* [Brief]: Of the material below, only the lines from the line containing "case: ifP => // /andP[/eqP" down to the line containing "fitsb n (dimvec (A j1)" belong in the answer, written out exactly.
[[ Dataset excerpts, beginning ]]
(* Work without the expansion bound (an expanded side $a_i$ may take any length $a_i'\ge a_i$). Let $A_1,\dots,A_k$ be $n$-dimensional boxes and $\mathcal{O}$ a set of orders of them each of which is a possible arrangement, and fix states realizing each of these arrangements. Let $s$ be the closed length of one side of one box $A$, and let $x\le s\le y$ be numbers such that every other side length occurring — every other closed side length of every box, and every expanded side length in any of the fixed states — is either less than $x$ or greater than $y$. Then for any $r$ with $x\le r\le y$, the collection obtained by replacing this side length $s$ of $A$ by $r$ can be put in every order of $\mathcal{O}$.
   Context: An $n$-dimensional box $A$ has closed side lengths $a_1\le\dots\le a_n$ (positive reals). A state of $A$ is either closed or expanded along one side $i$: $a_i$ is replaced by a length $a_i'\ge a_i$, other sides unchanged (only one side can expand). The dimension vector of a state is its side lengths sorted non-decreasingly. A box in some state fits inside another box in some state if each coordinate of the outer one's dimension vector is strictly larger than the corresponding coordinate of the inner one's. An order $X_1,\dots,X_k$ (innermost to outermost) is a possible arrangement if each box can be given a state so that $X_j$ fits inside $X_{j+1}$ for all $j$; states may differ between arrangements. *)

From mathcomp Require Import all_boot all_order all_algebra.
Set Implicit Arguments. Unset Strict Implicit. Unset Printing Implicit Defensive.
Import Order.TTheory GRing.Theory Num.Theory.
Local Open Scope ring_scope.

Section Boxes.
Variable R : realFieldType.
Variable n : nat.

(* A box is given by its closed side lengths, indexed by 'I_n. *)
(* A state: None = closed; Some (i, l) = expanded along side i to length l. *)
Definition state := option ('I_n * R).

Definition valid_state (a : 'I_n -> R) (st : state) : Prop :=
  match st with None => True | Some (i, l) => a i <= l end.

Definition side_len (a : 'I_n -> R) (st : state) (i : 'I_n) : R :=
  match st with
  | None => a i
  | Some (j, l) => if i == j then l else a i
  end.

Definition dimvec (a : 'I_n -> R) (st : state) : seq R :=
  sort <=%R [seq side_len a st i | i <- enum 'I_n].

Definition fitsb (u v : seq R) : bool :=
  all (fun m => nth 0 u m < nth 0 v m) (iota 0 n).

Variable k : nat.

Definition is_order (o : seq 'I_k) : Prop := perm_eq o (enum 'I_k).

Definition realizes (A : 'I_k -> 'I_n -> R) (o : seq 'I_k) (st : 'I_k -> state) : Prop :=
  (forall j, valid_state (A j) (st j)) /\
  sorted (fun j1 j2 => fitsb (dimvec (A j1) (st j1)) (dimvec (A j2) (st j2))) o.

Definition possible_arrangement (A : 'I_k -> 'I_n -> R) (o : seq 'I_k) : Prop :=
  exists st : 'I_k -> state, realizes A o st.

Definition replace_side (A : 'I_k -> 'I_n -> R) (j0 : 'I_k) (i0 : 'I_n) (r : R) :
  'I_k -> 'I_n -> R :=
  fun j i => if (j == j0) && (i == i0) then r else A j i.

End Boxes.

From mathcomp Require Import all_boot all_order all_algebra.
From mathcomp Require Import lra.
Set Implicit Arguments. Unset Strict Implicit. Unset Printing Implicit Defensive.
Import Order.TTheory GRing.Theory Num.Theory.
Local Open Scope ring_scope.

(* Keep all the given states and let [collapse] send every length
   in [x, y] to r and fix every other length.  This map is monotone, so it
   commutes with sorting, and the new dimension vectors are the images of the
   old ones.  The only length in [x, y] is the side s of A, so of two distinct
   boxes at most one has a coordinate in [x, y], and a strict inequality
   u < v with at most one of u, v in [x, y] survives the collapse. *)

Section Collapse.

Variables (R : realDomainType) (x y r : R).
Hypothesis r_in : x <= r <= y.

Definition collapse (t : R) : R := if x <= t <= y then r else t.

Lemma collapse_out t : t < x \/ y < t -> collapse t = t.
Proof. by rewrite /collapse; case: ifP => // /andP[] *; lra. Qed.

Lemma collapse_homo : {homo collapse : a b / a <= b}.
Proof.
move: r_in => /andP[xr ry] a b ab; rewrite /collapse.
by case: ifP => /andP ha; case: ifP => /andP hb //;
  [ move: hb => /andP; rewrite negb_and -!ltNge => /orP[] hb
  | move: ha => /andP; rewrite negb_and -!ltNge => /orP[] ha ]; lra.
Qed.

Lemma collapse_lt u v :
  ~~ ((x <= u <= y) && (x <= v <= y)) -> u < v -> collapse u < collapse v.
Proof.
move: r_in => /andP[xr ry]; rewrite /collapse => not_both uv.
case: ifP => hu; case: ifP => hv //; first by rewrite hu hv in not_both.
- by move: hu hv => /andP[] ? ? /negbT; rewrite negb_and -!ltNge => /orP[]; lra.
- by move: hu hv => /negbT; rewrite negb_and -!ltNge => /orP[] ? /andP[]; lra.
Qed.

End Collapse.

Lemma sort_map_homo d (T : orderType d) (f : T -> T) (s : seq T) :
  {homo f : a b / (a <= b)%O} ->
  sort <=%O (map f s) = map f (sort <=%O s).
Proof.
move=> f_homo; apply: le_sorted_eq; first exact: sort_le_sorted.
- by rewrite sorted_map; apply: sub_sorted (sort_le_sorted s) => a b /f_homo.
- by rewrite perm_sort perm_sym perm_map // perm_sort.
Qed.

Lemma sorted_uniq_neq (T : eqType) (e : rel T) (s : seq T) :
  uniq s -> sorted e s -> sorted (fun a b => (a != b) && e a b) s.
Proof.
case: s => // a s; elim: s a => // b t IH a /= /andP[a_notin s_uniq].
move=> /andP[eab t_path]; rewrite eab andbT; apply/andP; split; last exact: IH.
by apply: contraNneq a_notin => ->; rewrite mem_head.
Qed.

Section DimensionVectors.

Variables (R : realFieldType) (n : nat).

Lemma size_dimvec (a : 'I_n -> R) (st : state R n) : size (dimvec a st) = n.
Proof. by rewrite size_sort size_map size_enum_ord. Qed.

Lemma mem_dimvec (a : 'I_n -> R) (st : state R n) t :
  t \in dimvec a st -> exists i, t = side_len a st i.
Proof. by rewrite mem_sort => /mapP[i _ ->]; exists i. Qed.

Lemma dimvec_map (a b : 'I_n -> R) (st st' : state R n) (f : R -> R) :
  {homo f : u v / u <= v} ->
  (forall i, side_len b st' i = f (side_len a st i)) ->
  dimvec b st' = map f (dimvec a st).
Proof.
move=> f_homo side_b; rewrite /dimvec -sort_map_homo //; congr sort.
by rewrite -[in RHS]map_comp; apply: eq_map.
Qed.

Lemma fitsb_map (f : R -> R) (u v : seq R) :
  size u = n -> size v = n ->
  {in u & v, forall a b, a < b -> f a < f b} ->
  fitsb n u v -> fitsb n (map f u) (map f v).
Proof.
move=> size_u size_v f_lt /allP uv; apply/allP => m m_in.
have m_lt : (m < n)%N by rewrite mem_iota in m_in.
rewrite !(nth_map 0) ?size_u ?size_v //.
by apply: f_lt (uv m m_in); apply: mem_nth; rewrite ?size_u ?size_v.
Qed.

End DimensionVectors.

Section ReplaceSide.

Variables (R : realFieldType) (n k : nat).
Variables (A : 'I_k -> 'I_n -> R) (S : 'I_k -> state R n).
Variables (j0 : 'I_k) (i0 : 'I_n) (x y r : R).
Hypothesis s_in : x <= A j0 i0 <= y.
Hypothesis sides_out : forall j i, (j, i) != (j0, i0) -> A j i < x \/ y < A j i.
Hypothesis expanded_out : forall j i l, S j = Some (i, l) -> l < x \/ y < l.
Hypothesis r_in : x <= r <= y.

Let A' := replace_side A j0 i0 r.

Lemma side_len_in_box j i : x <= side_len (A j) (S j) i <= y -> j = j0.
Proof.
have out_bad t : t < x \/ y < t -> x <= t <= y -> j = j0.
  by move=> t_out /andP[? ?]; exfalso; case: t_out; lra.
have closed_in : x <= A j i <= y -> j = j0.
  by have [/eqP[-> _] //|/sides_out/out_bad] := boolP ((j, i) == (j0, i0)).
rewrite /side_len; case Sj: (S j) => [[i1 l]|] //; case: ifP => // _.
by apply: out_bad; exact: expanded_out Sj.
Qed.

Lemma side_len_replace j i :
  side_len (A' j) (S j) i = collapse x y r (side_len (A j) (S j) i).
Proof.
have replaced : A' j i = collapse x y r (A j i).
  rewrite /A' /replace_side; case: ifP => [/andP[/eqP-> /eqP->]|j0i0].
    by rewrite /collapse s_in.
  by rewrite collapse_out //; apply: sides_out; rewrite xpair_eqE j0i0.
rewrite /side_len; case Sj: (S j) => [[i1 l]|]; last exact: replaced.
case: ifP => _; last exact: replaced.
by rewrite collapse_out //; exact: expanded_out Sj.
Qed.

Lemma dimvec_replace j :
  dimvec (A' j) (S j) = map (collapse x y r) (dimvec (A j) (S j)).
Proof. by apply: dimvec_map; [exact: collapse_homo | exact: side_len_replace]. Qed.

Lemma valid_state_replace j : valid_state (A j) (S j) -> valid_state (A' j) (S j).
Proof.
rewrite /valid_state /A' /replace_side; case Sj: (S j) => [[i1 l]|] //.
case: ifP => // /andP[/eqP ej /eqP ei]; subst j i1 => Al.
by move: s_in r_in => /andP[? ?] /andP[? ?]; case: (expanded_out Sj); lra.
Qed.

Lemma fitsb_replace j1 j2 : j1 != j2 ->
  fitsb n (dimvec (A j1) (S j1)) (dimvec (A j2) (S j2)) ->
  fitsb n (dimvec (A' j1) (S j1)) (dimvec (A' j2) (S j2)).
Proof.
move=> j12; rewrite !dimvec_replace; apply: fitsb_map; rewrite ?size_dimvec //.
move=> _ _ /mem_dimvec[i1 ->] /mem_dimvec[i2 ->].
apply: collapse_lt => //.
by apply: contra j12 => /andP[/side_len_in_box-> /side_len_in_box->].
Qed.

End ReplaceSide.

Theorem proposition26 (R : realFieldType) (n k : nat)
  (A : 'I_k -> 'I_n -> R) (O : seq 'I_k -> Prop)
  (st : seq 'I_k -> 'I_k -> state R n)
  (j0 : 'I_k) (i0 : 'I_n) (x y r : R) :
  (forall j i, 0 < A j i) ->
  (forall o, O o -> is_order o) ->
  (forall o, O o -> realizes A o (st o)) ->
  x <= A j0 i0 <= y ->
  (forall j i, (j, i) != (j0, i0) -> A j i < x \/ y < A j i) ->
  (forall o, O o -> forall j i l, st o j = Some (i, l) -> l < x \/ y < l) ->
  x <= r <= y ->
  forall o, O o -> possible_arrangement (replace_side A j0 i0 r) o.
Proof.
move=> _ orders realized s_in sides_out expanded_out r_in o Oo.
have [valid fits] := realized o Oo.
have o_uniq : uniq o by rewrite (perm_uniq (orders o Oo)) enum_uniq.
exists (st o); split=> [j|].
  exact: valid_state_replace (expanded_out o Oo) r_in j (valid j).
apply: sub_sorted (sorted_uniq_neq o_uniq fits) => j1 j2 /andP[j12].
exact: fitsb_replace (expanded_out o Oo) r_in j1 j2 j12.
Qed.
[[ Dataset excerpts, end ]]
* [Completed task]:
case: ifP => // /andP[/eqP ej /eqP ei]; subst j i1 => Al.
by move: s_in r_in => /andP[? ?] /andP[? ?]; case: (expanded_out Sj); lra.
Qed.

Lemma fitsb_replace j1 j2 : j1 != j2 ->
  fitsb n (dimvec (A j1) (S j1)) (dimvec (A j2) (S j2)) ->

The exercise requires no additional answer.